3. Become comfortable with using the different parameters of the annotator.

**🔗 Helpful Links:**

- For Translation models: : [Model Hub](https://sparknlp.org/models?tag=translation)



## **🎬 Colab Setup**

In [None]:
!pip install -q pyspark==3.4.1 spark-nlp

In [2]:
import sparknlp
from sparknlp.base import *
from sparknlp.annotator import *

from pyspark.sql import SparkSession
from pyspark.sql import functions as F
from pyspark.ml import Pipeline, PipelineModel

import pandas as pd

import warnings
warnings.filterwarnings('ignore')

params = {"spark.driver.memory":"16G",
          "spark.kryoserializer.buffer.max":"2000M",
          "spark.driver.maxResultSize":"2000M"}

spark = sparknlp.start(params=params)

print("Spark NLP Version :", sparknlp.version())

spark

Spark NLP Version : 5.3.3


## **Dataset**

In [None]:
!wget https://raw.githubusercontent.com/JohnSnowLabs/spark-nlp-workshop/master/open-source-nlp/data/holmes.txt

In [4]:
textDF = spark.read.text( "holmes.txt", wholetext=True).toDF("text")
textDF.show(truncate=100)

+----------------------------------------------------------------------------------------------------+
|                                                                                                text|
+----------------------------------------------------------------------------------------------------+
|THE ADVENTURES OF SHERLOCK HOLMESArthur Conan Doyle Table of contents A Scandal in Bohemia The Re...|
+----------------------------------------------------------------------------------------------------+



# DocumentCharacterTextSplitter Model

## **📜 Background**

`DocumentCharacterTextSplitter`: Annotator which splits large documents into chunks of roughly given size.

DocumentCharacterTextSplitter takes a list of separators.

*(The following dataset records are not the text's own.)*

(* A Bruhat step out of [eps p x] that keeps the 0 in place swaps two nonzero values. *)
Lemma bruhat_step_epsl m (p : 'I_m.+1) x z :
  bruhat_step (eps p x) z -> pos0 z = p -> exists2 y, z = eps p y & bruhat_step x y.
Proof.
case/existsP => c /existsP [d /and3P [lt_cd /eqP z_def lt_xz]] z0.
case: (unliftP ord0 d) => [b d_def | d0]; last by move: lt_cd; rewrite d0.
case: (unliftP ord0 c) => [a c_def | c0].
  rewrite c_def d_def -eps_mul_tperm in z_def lt_xz; rewrite c_def d_def lift_ltn in lt_cd.
  exists (x * tperm a b) => //; apply/existsP; exists a; apply/existsP; exists b.
  by rewrite eqxx lt_cd /=; rewrite z_def !ninv_eps ltn_add2r in lt_xz.
move: z0; rewrite z_def pos0_mul_tperm -c0 tpermL => epsVd.
have /perm_inj dc : (eps p x)^-1 d = (eps p x)^-1 ord0.
  by rewrite epsVd -[RHS]/(pos0 _) pos0_eps.
by move: lt_cd; rewrite dc -c0 ltnn.
Qed.

Lemma bruhat_le_pos0_between m (p q : 'I_m.+1) x y z :
  bruhat_le (eps p x) z -> bruhat_le z (eps q y) -> (p <= pos0 z <= q)%N.
Proof.
move=> /bruhat_le_pos0 + /bruhat_le_pos0; rewrite !pos0_eps => le_pz le_zq.
by rewrite le_pz le_zq.
Qed.

Lemma bruhat_le_pos0_eq m (p : 'I_m.+1) x y z :
  bruhat_le (eps p x) z -> bruhat_le z (eps p y) -> pos0 z = p.
Proof.
move=> le_xz le_zy; apply/ord_inj/eqP.
by rewrite eqn_leq andbC (bruhat_le_pos0_between le_xz le_zy).
Qed.

Lemma eps_bruhat_mono m (p : 'I_m.+1) x y :
  bruhat_le (eps p x) (eps p y) = bruhat_le x y.
Proof.
apply/idP/idP; last exact: eps_bruhat_homo.
case/connectP => s; elim: s x => [|z s IH] x /=.
  by move=> _ /eps_inj ->; apply: connect0.
case/andP => step_xz path_zy last_zy.
have le_zy : bruhat_le z (eps p y) by apply/connectP; exists s.
have [y' z_def le_xy'] :=
  bruhat_step_epsl step_xz (bruhat_le_pos0_eq (connect1 step_xz) le_zy).
rewrite z_def in path_zy last_zy.
exact: connect_trans (connect1 le_xy') (IH _ path_zy last_zy).
Qed.

Section AdjacentPositions.

Variables (m : nat) (p q : 'I_m.+1).
Hypothesis pq : (q : nat) = p.+1.

Lemma lift_perm_adj : lift_perm q p 1 = tperm p q.
Proof.
apply/permP => k; apply/ord_inj; case: (unliftP q k) => [j ->|->]; last first.
  by rewrite lift_perm_id tpermR.
rewrite lift_perm_lift perm1 /=.
by case: tpermP => [/(congr1 (@nat_of_ord _))|/(congr1 (@nat_of_ord _))|/eqP + /eqP +];
  rewrite -?(inj_eq (@ord_inj _)) /= /bump; lia.
Qed.

Lemma eps_adj w : eps q w = eps p w * tperm ord0 (eps p w q).
Proof.
rewrite -[in tperm _ _](eps_id p w) -tpermJ conjgE mulKVg.
by rewrite /eps -lift_perm_adj lift_permM mul1g.
Qed.

Lemma bruhat_step_eps_adj w : bruhat_step (eps p w) (eps q w).
Proof.
apply/existsP; exists ord0; apply/existsP; exists (eps p w q).
have pq' : p != q by rewrite -(inj_eq (@ord_inj _)) pq; lia.
rewrite -eps_adj eqxx !ninv_eps pq addnS ltnSn andbT /=.
by rewrite (perm_gt0 (eps_id p w) pq').
Qed.

Lemma bruhat_le_eps_adj w : bruhat_le (eps p w) (eps q w).
Proof. exact/connect1/bruhat_step_eps_adj. Qed.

It takes the separators in order and splits subtexts if they are over the chunk length, considering optional overlap of the chunks.

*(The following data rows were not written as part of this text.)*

Section SwapTypes.
Variables (n r : nat) (S : nat -> nat -> bool).
Hypotheses (udS : ud_rel n S) (lt_r1n : r.+1 < n).
Local Notation a := (n - 2 - r).

Let diag_ra1 : r + a.+1 = n.-1. Proof. lia. Qed.
Let diag_r1a : r.+1 + a = n.-1. Proof. lia. Qed.

Lemma ud_subdiag_above : S r a -> ~ vtx_above S r a.+1 /\ vtx_above S r.+1 a.
Proof.
move=> Sra; split; last by exists r.
by apply: (ud_only_left udS (ud_antidiag_at udS diag_ra1)); exists a.
Qed.

Lemma ud_rel_swap_to_above : ~ vtx_above S r a.+1 -> vtx_above S r.+1 a -> ~~ S r a ->
  [/\ ud_rel n (swap_rel r a S), vtx_above (swap_rel r a S) r a.+1
    & ~ vtx_above (swap_rel r a S) r.+1 a].
Proof.
move=> nab ab nSra.
have col_a1 := ud_antidiag_col_alone udS diag_ra1 nab.
have row_r1 := ud_antidiag_row_alone udS diag_r1a ab.
have [i' lt_i' Si'a] := ab.
have ne_i' : i' != r by apply/eqP=> ei; move: Si'a; rewrite ei (negbTE nSra).
have r_gt0 : 0 < r by move: lt_i' ne_i' => /[swap] /eqP; lia.
have a_gt0 : 0 < a.
  have nz : (0 < r) || (0 < a.+1) by rewrite r_gt0.
  case: (ud_above_or_left udS (ud_antidiag_at udS diag_ra1) nz) => [/nab []|[j' lt_j' Srj']].
  have ne_j' : j' != a by apply/eqP=> ej; move: Srj'; rewrite ej (negbTE nSra).
  by move: lt_j' ne_j' => /[swap] /eqP; lia.
split.
- apply: ud_rel_swap => //; first lia.
    by move=> j; apply/negP=> /andP[Srj /row_r1 ej]; move: nSra; rewrite -ej Srj.
  by move=> i; apply/negP=> /andP[Sia /col_a1 ei]; move: Sia; rewrite ei (negbTE nSra).
- exists i'; first by move: lt_i' ne_i' => /[swap] /eqP; lia.
  by rewrite /swap_rel adj_swap_r /adj_swap (negbTE ne_i') ltn_eqF //.
- case=> i lt_i; rewrite /swap_rel adj_swap_l => /col_a1.
  by rewrite /adj_swap; do !case: eqP; lia.
Qed.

For example, given chunk size 20 and overlap 5:


**🔗 Helpful Links:**

- Python API: [DocumentCharacterTextSplitter](https://sparknlp.org/api/python/reference/autosummary/sparknlp/annotator/document_character_text_splitter/index.html#sparknlp.annotator.document_character_text_splitter.DocumentCharacterTextSplitter)
- Scala API: [DocumentCharacterTextSplitter](https://sparknlp.org/api/com/johnsnowlabs/nlp/annotators/DocumentCharacterTextSplitter)




## **🖨️ Input/Output Annotation Types**

- Input: `DOCUMENT`

- Output: `DOCUMENT`

## **🔎 Parameters**

- `chunkSize`: Size of each chunk of text.
- `chunkOverlap`: Length of the overlap between text chunks , by default `0`.
- `splitPatterns`: Patterns to separate the text by in decreasing priority , by default `["\n\n", "\n", " ", ""]`.
- `patternsAreRegex`: Whether to interpret the split patterns as regular expressions , by default `False`.
 -`keepSeparators`: Whether to keep the separators in the final result , by default `True`.
- `explodeSplits`: Whether to explode split chunks to separate rows , by default `False`.
- `trimWhitespace`: Whether to trim whitespaces of extracted chunks , by default `True`.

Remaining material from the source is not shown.